- TASK OBJECTIVE: Given the material below, output exactly the lines from the line with "by rewrite expnM" to the line with "by rewrite -[1]ln_exp; apply: ln_increasing; [lra", both ends included, and no other lines.

-- Opening Marker --

(* The classes of ~_G are the fibres
   of the level map, which takes every value in 0..d. *)
Theorem mainTheorem9 (d : nat) (dir bi : rel 'I_d.+1) :
  0 < d ->
  (is_DAG dir bi \/ is_MAG dir bi) ->
  (forall u v, adj dir bi u v = path_skel u v) ->
  N_G dir bi = d.+1.
Proof.
move=> d_gt0 G skel; have wf : wf_mixed dir bi by case: G => [[]|[]].
pose C := colliders dir bi.
pose lev (S : {set 'I_d}) : 'I_d.+1 := inord (level C S).
have levK S : nat_of_ord (lev S) = level C S by rewrite inordK // ltnS level_le.
have classE S : [set T | `[< simG dir bi S T >]] = [set T | lev T == lev S].
  apply/setP => T; rewrite !inE -val_eqE /= !levK.
  by apply/asboolP/eqP => [/(simG_level d_gt0 skel wf) | /esym/(simG_level d_gt0 skel wf)].
have levT : [set lev S | S : {set 'I_d}] = setT.
  apply/setP => k; rewrite inE; have [S lS] := level_surj C (ltn_ord k : k <= d).
  by apply/imsetP; exists S => //; apply: val_inj; rewrite /= levK.
by rewrite /N_G (eq_imset _ classE) card_fibres levT cardsT card_ord.
Qed.
Theorem lemma4 (R : realType) (d : measure_display) (T : measurableType d)
  (pi : {measure set T -> \bar R})
  (dO : measure_display) (Omega : measurableType dO) (P : probability Omega R)
  (r : T -> R) (eps : T -> Omega -> R) (p0 pref : T -> R) :
  sigma_finite setT pi ->
  measurable_fun setT r ->
  measurable_fun setT (fun xw : T * Omega => eps xw.1 xw.2) ->
  (* (a) *)
  is_density pi p0 -> is_density pi pref ->
  (\int[pi]_x (p0 x * `|ln (p0 x)|)%:E < +oo)%E ->
  (\int[pi]_x (pref x * `|ln (pref x)|)%:E < +oo)%E ->
  (* (b) *)
  (forall p : T -> R, is_density pi p ->
     (\int[pi]_x ((p x)%:E * \int[P]_w (expR `|r x + eps x w|)%:E) < +oo)%E) ->
  (* (c) *)
  (0 < ess_sup pi (Qext P r eps) < +oo)%E ->
  (forall x, (Qext P r eps x <= ess_sup pi (Qext P r eps))%E) ->
  (* (d) *)
  (0 < \int[pi]_(x in [set x | Qext P r eps x = ess_sup pi (Qext P r eps)])
          (p0 x)%:E)%E ->
  (forall t : nat,
     Ep pi (iter_dens pi p0 (Qfun P r eps) t) (Qfun P r eps)
     + Varp pi (iter_dens pi p0 (Qfun P r eps) t) (Qfun P r eps)
       / Ep pi (iter_dens pi p0 (Qfun P r eps) t) (Qfun P r eps)
     <= Ep pi (iter_dens pi p0 (Qfun P r eps) t.+1) (Qfun P r eps))
  /\
  (fun t : nat => Ep pi (iter_dens pi p0 (Qfun P r eps) t) (Qfun P r eps))
     @ \oo --> fine (ess_sup pi (Qext P r eps)).
Proof.
(* Only (c), (d) and the measurability of r and eps are needed: by (c), Q is
   bounded, which makes every expectation in the statement finite. *)
move=> _ mr meps dp0 _ _ _ _ /andP[Qs_gt0 Qs_ltoo] Qext_le A_gt0.
set Qs := ess_sup pi (Qext P r eps) in Qs_gt0 Qs_ltoo Qext_le A_gt0 *.
have Qext_fin x : Qext P r eps x \is a fin_num.
  by rewrite ge0_fin_numE ?Qext_ge0 // (le_lt_trans (Qext_le x)).
have Qs_fin : Qs \is a fin_num by rewrite ge0_fin_numE ?ltW.
have fine_Qs_gt0 : 0 < fine Qs by rewrite fine_gt0 // Qs_gt0 Qs_ltoo.
have mQext := measurable_Qext P mr meps.
have mQ : measurable_fun setT (Qfun P r eps).
  exact: measurableT_comp (fine_measurable measurableT) mQext.
have Q_bounded x : 0 <= Qfun P r eps x <= fine Qs.
  by rewrite fine_ge0 ?Qext_ge0 // fine_le.
have mA : measurable [set x | Qext P r eps x = Qs].
  by rewrite -[X in measurable X]setTI; exact: mQext measurableT _ (emeasurable_set1 Qs).
have QA x : Qext P r eps x = Qs -> Qfun P r eps x = fine Qs by rewrite /Qfun => ->.
split => [t|].
  by rewrite (Ep_iter_densS mQ Q_bounded fine_Qs_gt0 mA QA dp0 A_gt0).
exact: Ep_iter_dens_cvg mQ Q_bounded fine_Qs_gt0 mA QA dp0 A_gt0.
Qed.
Lemma worpitzky n m :
  m ^ n = \sum_(0 <= i < n.+1) eulerian n i * 'C(m + n - i, n).
Proof.
elim: n => [|n IHn]; first by rewrite big_nat1 addn0 bin0.
rewrite expnS IHn big_distrr [in RHS]big_nat_recl //= mul0n add0n.
set F := fun i => i * eulerian n i * 'C(m + n.+1 - i, n.+1).
have shiftF : \sum_(0 <= i < n.+1) F i.+1 = \sum_(0 <= i < n.+1) F i.
  transitivity (\sum_(0 <= i < n.+2) F i).
    by rewrite [in RHS]big_nat_recl // {2}/F !mul0n add0n.
  by rewrite big_nat_recr //= {2}/F eulerian_small // muln0 mul0n addn0.
transitivity (\sum_(0 <= i < n.+1)
    (F i.+1 + (n - i + 1) * eulerian n i * 'C(m + n - i, n.+1))); last first.
  apply: eq_bigr => i _; rewrite /F [RHS]mulnDl.
  by rewrite (_ : m + n.+1 - i.+1 = m + n - i) //; lia.
rewrite big_split /= shiftF -big_split /= big_nat_cond [in RHS]big_nat_cond.
apply: eq_bigr => i /andP[/andP[_]]; rewrite ltnS => le_in _.
rewrite /F mulnCA -(worpitzky_bin_step m le_in) mulnDr.
by rewrite !mulnA ![eulerian n i * _]mulnC.
Qed.

End Worpitzky.
Lemma pdiv_bin_mid_le p k : prime p -> 0 < k -> p %| 'C(k.*2, k) -> p <= k.*2.
Proof.
move=> pp k_gt0 dvd_p; apply: leq_trans (pow_logn_bin_mid_le pp k_gt0).
rewrite -{1}(expn1 p) leq_exp2l ?prime_gt1 //.
by rewrite logn_gt0 mem_primes pp dvd_p bin_gt0 -addnn leq_addr.
Qed.

Lemma bin_mid_le_pow k n : 0 < k -> (forall p, prime p -> p %| 'C(k.*2, k) -> p <= n) ->
  'C(k.*2, k) <= k.*2 ^ n.
Proof.
move=> k_gt0 small; have C_gt0 : 0 < 'C(k.*2, k) by rewrite bin_gt0 -addnn leq_addr.
have size_le : size (primes 'C(k.*2, k)) <= n.
  rewrite -[n in _ <= n](size_iota 1); apply: uniq_leq_size (primes_uniq _) _ => p.
  rewrite mem_primes mem_iota => /and3P [pp _ dvd_p]; rewrite prime_gt0 //=.
  by rewrite add1n ltnS small.
rewrite {1}(prod_prime_decomp C_gt0) prime_decompE big_map /=.
apply: (@leq_trans (k.*2 ^ size (primes 'C(k.*2, k)))); last by rewrite leq_pexp2l ?double_gt0.
rewrite -iter_muln_1 -(count_predT (primes _)) -big_const_seq big_seq [X in _ <= X]big_seq.
by apply: leq_prod => p; rewrite mem_primes => /and3P [pp _ _]; apply: pow_logn_bin_mid_le.
Qed.

Lemma exp2_gt_double_sqr n : 9 < n -> 2 * (n * n) < 2 ^ n.
Proof.
elim: n => // n IHn n_gt9; have [-> // | n_ne9] := eqVneq n 9.
by have := IHn (ltac:(lia)); rewrite expnS; nia.
Qed.

(* Otherwise all prime factors of C(2k, k), k = n^2, are at most n, whence
   2^k <= C(2k, k) <= (2k)^n. *)
Lemma exists_prime_gap n : 9 < n -> exists2 q, prime q & n < q <= 2 * (n * n).
Proof.
move=> n_gt9; set k := n * n; have k_gt0 : 0 < k by rewrite muln_gt0; lia.
case: (boolP (has (fun q => prime q && (n < q)) (iota 0 (2 * k).+1))).
  case/hasP => q; rewrite mem_iota add0n ltnS => /andP [_ q_le] /andP [pq lt_nq].
  by exists q; rewrite ?lt_nq.
move/hasPn => no_prime; exfalso.
have small p : prime p -> p %| 'C(k.*2, k) -> p <= n.
  move=> pp dvd_p; have le_p : p <= 2 * k by rewrite mul2n pdiv_bin_mid_le.
  by have := no_prime p; rewrite mem_iota add0n ltnS le_p pp /= -leqNgt; apply.
have := leq_trans (bin_mid_ge k) (bin_mid_le_pow k_gt0 small).
by rewrite expnM leqNgt ltn_exp2r -?mul2n ?exp2_gt_double_sqr //; lia.
Qed.

(** * Logarithmic estimates *)

Section LnBounds.
Local Open Scope R_scope.

Lemma ln_le_pred w : 0 < w -> ln w <= w - 1.
Proof. by move=> w_gt0; have := exp_ineq1_le (ln w); rewrite exp_ln //; lra. Qed.

Lemma ln_lt_half z : 0 < z -> ln z < z / 2.
Proof.
move=> z_gt0; have ln2_lt1 : ln 2 < 1.
  by rewrite -[1]ln_exp; apply: ln_increasing; [lra | have := exp_ineq1 1; lra].
have -> : ln z = ln 2 + ln (z / 2) by rewrite -ln_mult; [congr ln; field | lra | lra].
by have := @ln_le_pred (z / 2) ltac:(lra); lra.
Qed.

Lemma ln_le_ln a b : 0 < a -> a <= b -> ln a <= ln b.
Proof. by move=> a_gt0 [lt_ab | <-]; [left; exact: ln_increasing | lra]. Qed.

Lemma ln_pos x : 1 < x -> 0 < ln x.
Proof. by move=> x_gt1; rewrite -ln_1; apply: ln_increasing; lra. Qed.

Lemma ln_ln_bounds x : 3 < x -> 1 < ln x /\ 0 < ln (ln x) < ln x.
Proof.
move=> x_gt3; have ln_gt1 : 1 < ln x.
  by rewrite -[1]ln_exp; apply: ln_increasing; [apply: exp_pos | have := exp_le_3; lra].
have := ln_lt_half (ltac:(lra) : 0 < ln x); have := ln_pos ln_gt1; split; [lra | split; lra].
Qed.

Lemma le_of_mul_ln_le U L : 1 < L -> 0 < U -> U * ln U <= 3 * L -> U <= 6 * (L / ln L).
Proof.
move=> L_gt1 U_gt0 UlnU; have lnL_gt0 := ln_pos L_gt1.
set y := 6 * (L / ln L).
have y_gt0 : 0 < y by apply: Rmult_lt_0_compat; [lra | apply: Rdiv_lt_0_compat; lra].
have y_lnL : y * ln L = 6 * L by rewrite /y; field; lra.
apply: Rnot_lt_le => lt_yU.
have ln_y : ln L / 2 < ln y.
  have -> : ln y = ln 6 + ln L - ln (ln L).
    have inv_pos := Rinv_0_lt_compat _ lnL_gt0.
    by rewrite /y /Rdiv !ln_mult ?ln_Rinv //; nra.
  by have := ln_lt_half lnL_gt0; have := ln_pos (ltac:(lra) : 1 < 6); lra.
have := ln_increasing _ _ y_gt0 lt_yU; nra.
Qed.

End LnBounds.

Lemma INR_expn a b : INR (a ^ b) = (INR a ^ b)%R.
Proof. by elim: b => // b IHb; rewrite expnS mult_INR IHb. Qed.

Lemma INR_gt3 n : 100 <= n -> (3 < INR n)%R.
Proof. by move=> n_ge; have := le_INR 100 n (elimT leP n_ge); rewrite /=; lra. Qed.

Lemma ln_ratio_ge1 n : 100 <= n -> (1 <= ln (INR n) / ln (ln (INR n)))%R.
Proof.
move=> /INR_gt3/ln_ln_bounds [_ [lnln_gt0 lt_ln]].
by apply: (Rmult_le_reg_r _ _ _ lnln_gt0); rewrite /Rdiv Rmult_assoc Rinv_l; lra.
Qed.

Lemma self_pow_le_ln_ratio n u : 100 <= n -> u ^ u <= n ^ 3 ->
  (INR u <= 6 * (ln (INR n) / ln (ln (INR n))))%R.
Proof.
move=> n_ge uu_le; have [ln_gt1 _] := ln_ln_bounds (INR_gt3 n_ge).
have [-> | u_gt0] := posnP u; first by have := ln_ratio_ge1 n_ge; rewrite /=; lra.
have U_gt0 : (0 < INR u)%R by apply: lt_0_INR; apply/ltP.
have n_gt0 : (0 < INR n)%R by have := INR_gt3 n_ge; lra.
have pow_le : (INR u ^ u <= INR n ^ 3)%R by rewrite -!INR_expn; apply/le_INR/leP.
apply: le_of_mul_ln_le => //; have := ln_le_ln (pow_lt _ u U_gt0) pow_le.
by rewrite !ln_pow //=; lra.
Qed.

Lemma sum_INR_le (f : nat -> nat) k B : (forall i, i < k -> (INR (f i) <= B)%R) ->
  (INR (\sum_(i < k) f i) <= INR k * B)%R.
Proof.
elim: k => [|k IHk] f_le; first by rewrite big_ord0 /=; lra.
rewrite big_ord_recr plus_INR S_INR Rmult_plus_distr_r Rmult_1_l /=.
by apply: Rplus_le_compat; [apply: IHk => i lt_ik; apply: f_le; exact: ltnW | exact: f_le].
Qed.

Lemma omega_succ_le n m : 100 <= n -> 0 < m <= n ^ 3 ->
  (INR (size (primes m) + 1) <= 14 * (ln (INR n) / ln (ln (INR n))))%R.
Proof.
move=> n_ge /andP [m_gt0 m_le].
have u_le := self_pow_le_ln_ratio n_ge (leq_trans (omega_pow_le m_gt0) m_le).
set t := size (primes m) in u_le *.
have t_le : t + 1 <= t./2 + t./2 + 2 by have := odd_double_half t; case: (odd t) => /=; lia.
have := le_INR _ _ (elimT leP t_le); rewrite !plus_INR /=.
by have := ln_ratio_ge1 n_ge; lra.
Qed.

Theorem theorem3 :
  exists (C D : R) (N : nat), (100 <= N)%nat /\ forall n p : nat,
    (N <= n)%nat ->
    n < p -> prime p -> (forall q, n < q < p -> ~~ prime q) ->
    exists k : nat,
      [/\ (0 < k)%nat,
          rs_result (rs_after n) k.-1,
          (forall i, (i < k.-1)%nat -> ~~ rs_result (rs_after n) i) &
          (INR (rs_cost (rs_after n) k)
             <= INR (p - n) * C * (ln (INR n) / ln (ln (INR n))) + D)%R].
Proof.
exists 14%R, 0%R, 100; split => // n p n_ge lt_np pp no_prime_between.
have n_ge99 : 99 <= n by lia.
have p_le : p <= 2 * (n * n).
  have [q pq /andP [lt_nq q_le]] := exists_prime_gap (ltac:(lia) : 9 < n).
  rewrite leqNgt; apply/negP => lt_qp.
  by have := no_prime_between q; rewrite lt_nq (leq_ltn_trans q_le lt_qp) pq => /(_ isT).
exists (p - n); split.
- by rewrite subn_gt0.
- by rewrite rs_result_after // (_ : n.+1 + (p - n).-1 = p) //; lia.
- by move=> i lt_i; rewrite rs_result_after //; apply: no_prime_between; lia.
rewrite Rplus_0_r Rmult_assoc /rs_cost.
apply: (@sum_INR_le (fun i => (rs_next (rs_iter i (rs_after n))).2)) => i lt_i.
apply: Rle_trans (le_INR _ _ (elimT leP (rs_step_cost_after i n_ge99))) _.
by apply: omega_succ_le => //; apply/andP; split; nia.
Qed.
(* Let $r\ge 1$ and suppose $(\boldsymbol\lambda,\mathbf{s})\in\mathcal{A}_e^r$ is not a Rouquier multipartition. Then $\Psi_r(\boldsymbol\lambda,\mathbf{s})\in\mathcal{A}_e$ is not an $r$-Rouquier partition.
   Context: Fix an integer $e\ge 2$. A partition is a weakly decreasing sequence $\lambda=(\lambda_1,\lambda_2,\dots)$ of non-negative integers with finite sum $|\lambda|$; $\Lambda$ denotes the set of partitions and $\Lambda^{(m)}$ the set of $m$-multipartitions, i.e. $m$-tuples $\boldsymbol\lambda=(\lambda^{(1)},\dots,\lambda^{(m)})$ of partitions. A $\beta$-set is a subset $B\subseteq\mathbb{Z}$ containing all sufficiently small integers and no sufficiently large ones. For $\lambda\in\Lambda$ and $s\in\mathbb{Z}$ set $B_s(\lambda)=\{\lambda_i-i+s : i\ge 1\}$; every $\beta$-set equals $B_s(\lambda)$ for a unique pair $(\lambda,s)$. Let $\mathcal{A}_e=\Lambda\times\mathbb{Z}$ (abacus configurations with $e$ runners) and $\mathcal{A}_e^m=\Lambda^{(m)}\times\mathbb{Z}^m$, where $(\boldsymbol\lambda,\mathbf{s})$ is identified with the $m$-tuple of $\beta$-sets $(B_{s_1}(\lambda^{(1)}),\dots,B_{s_m}(\lambda^{(m)}))$. The map $\eta$: for $(\lambda,s)\in\mathcal{A}_e$ with $B=B_s(\lambda)$ and $0\le i<e$, the set $C_i=\{(b-i)/e : b\in B,\ b\equiv i \bmod e\}$ is a $\beta$-set, so $C_i=B_{t_i}(\rho_i)$ for a unique $(\rho_i,t_i)\in\Lambda\times\mathbb{Z}$; set $\eta(\lambda,s)=((\rho_0,\dots,\rho_{e-1}),(t_0,\dots,t_{e-1}))$. The $e$-weight of $\lambda$ is $\mathrm{wt}(\lambda)=\sum_i|\rho_i|$. Rouquier: $(\lambda,s)\in\mathcal{A}_e$ with $\eta(\lambda,s)=(\boldsymbol\rho,\mathbf{t})$ is a Rouquier partition if $\mathrm{wt}(\lambda)\le t_{i+1}-t_i+1$ for all $0\le i<e-1$, and an $r$-Rouquier partition if $\mathrm{wt}(\lambda)\le t_{i+1}-t_i+r$ for all $0\le i<e-1$. $(\boldsymbol\lambda,\mathbf{s})\in\mathcal{A}_e^r$ is a Rouquier multipartition if $(\lambda^{(k)},s_k)$ is a Rouquier partition for every $1\le k\le r$. Uglov's map: for $1\le k\le r$ define $\psi_k:\mathbb{Z}\to\mathbb{Z}$ by $\psi_k(ae+i)=((a+1)r-k)e+i$ for $a\in\mathbb{Z}$, $0\le i<e$. For $(\boldsymbol\lambda,\mathbf{s})\in\mathcal{A}_e^r$ the set $B=\bigsqcup_{k=1}^r\psi_k(B_{s_k}(\lambda^{(k)}))$ is a $\beta$-set, and $\Psi_r(\boldsymbol\lambda,\mathbf{s})$ is the unique $(\tilde\lambda,\tilde s)\in\mathcal{A}_e$ with $B_{\tilde s}(\tilde\lambda)=B$. *)

From mathcomp Require Import all_boot all_order all_algebra.
Set Implicit Arguments. Unset Strict Implicit. Unset Printing Implicit Defensive.
Import Order.TTheory GRing.Theory Num.Theory.
Local Open Scope ring_scope.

-- Closing Marker --

- EXERCISE ANSWER:
by rewrite expnM leqNgt ltn_exp2r -?mul2n ?exp2_gt_double_sqr //; lia.
Qed.

(** * Logarithmic estimates *)

Section LnBounds.
Local Open Scope R_scope.

Lemma ln_le_pred w : 0 < w -> ln w <= w - 1.
Proof. by move=> w_gt0; have := exp_ineq1_le (ln w); rewrite exp_ln //; lra. Qed.

Lemma ln_lt_half z : 0 < z -> ln z < z / 2.
Proof.
move=> z_gt0; have ln2_lt1 : ln 2 < 1.
  by rewrite -[1]ln_exp; apply: ln_increasing; [lra | have := exp_ineq1 1; lra].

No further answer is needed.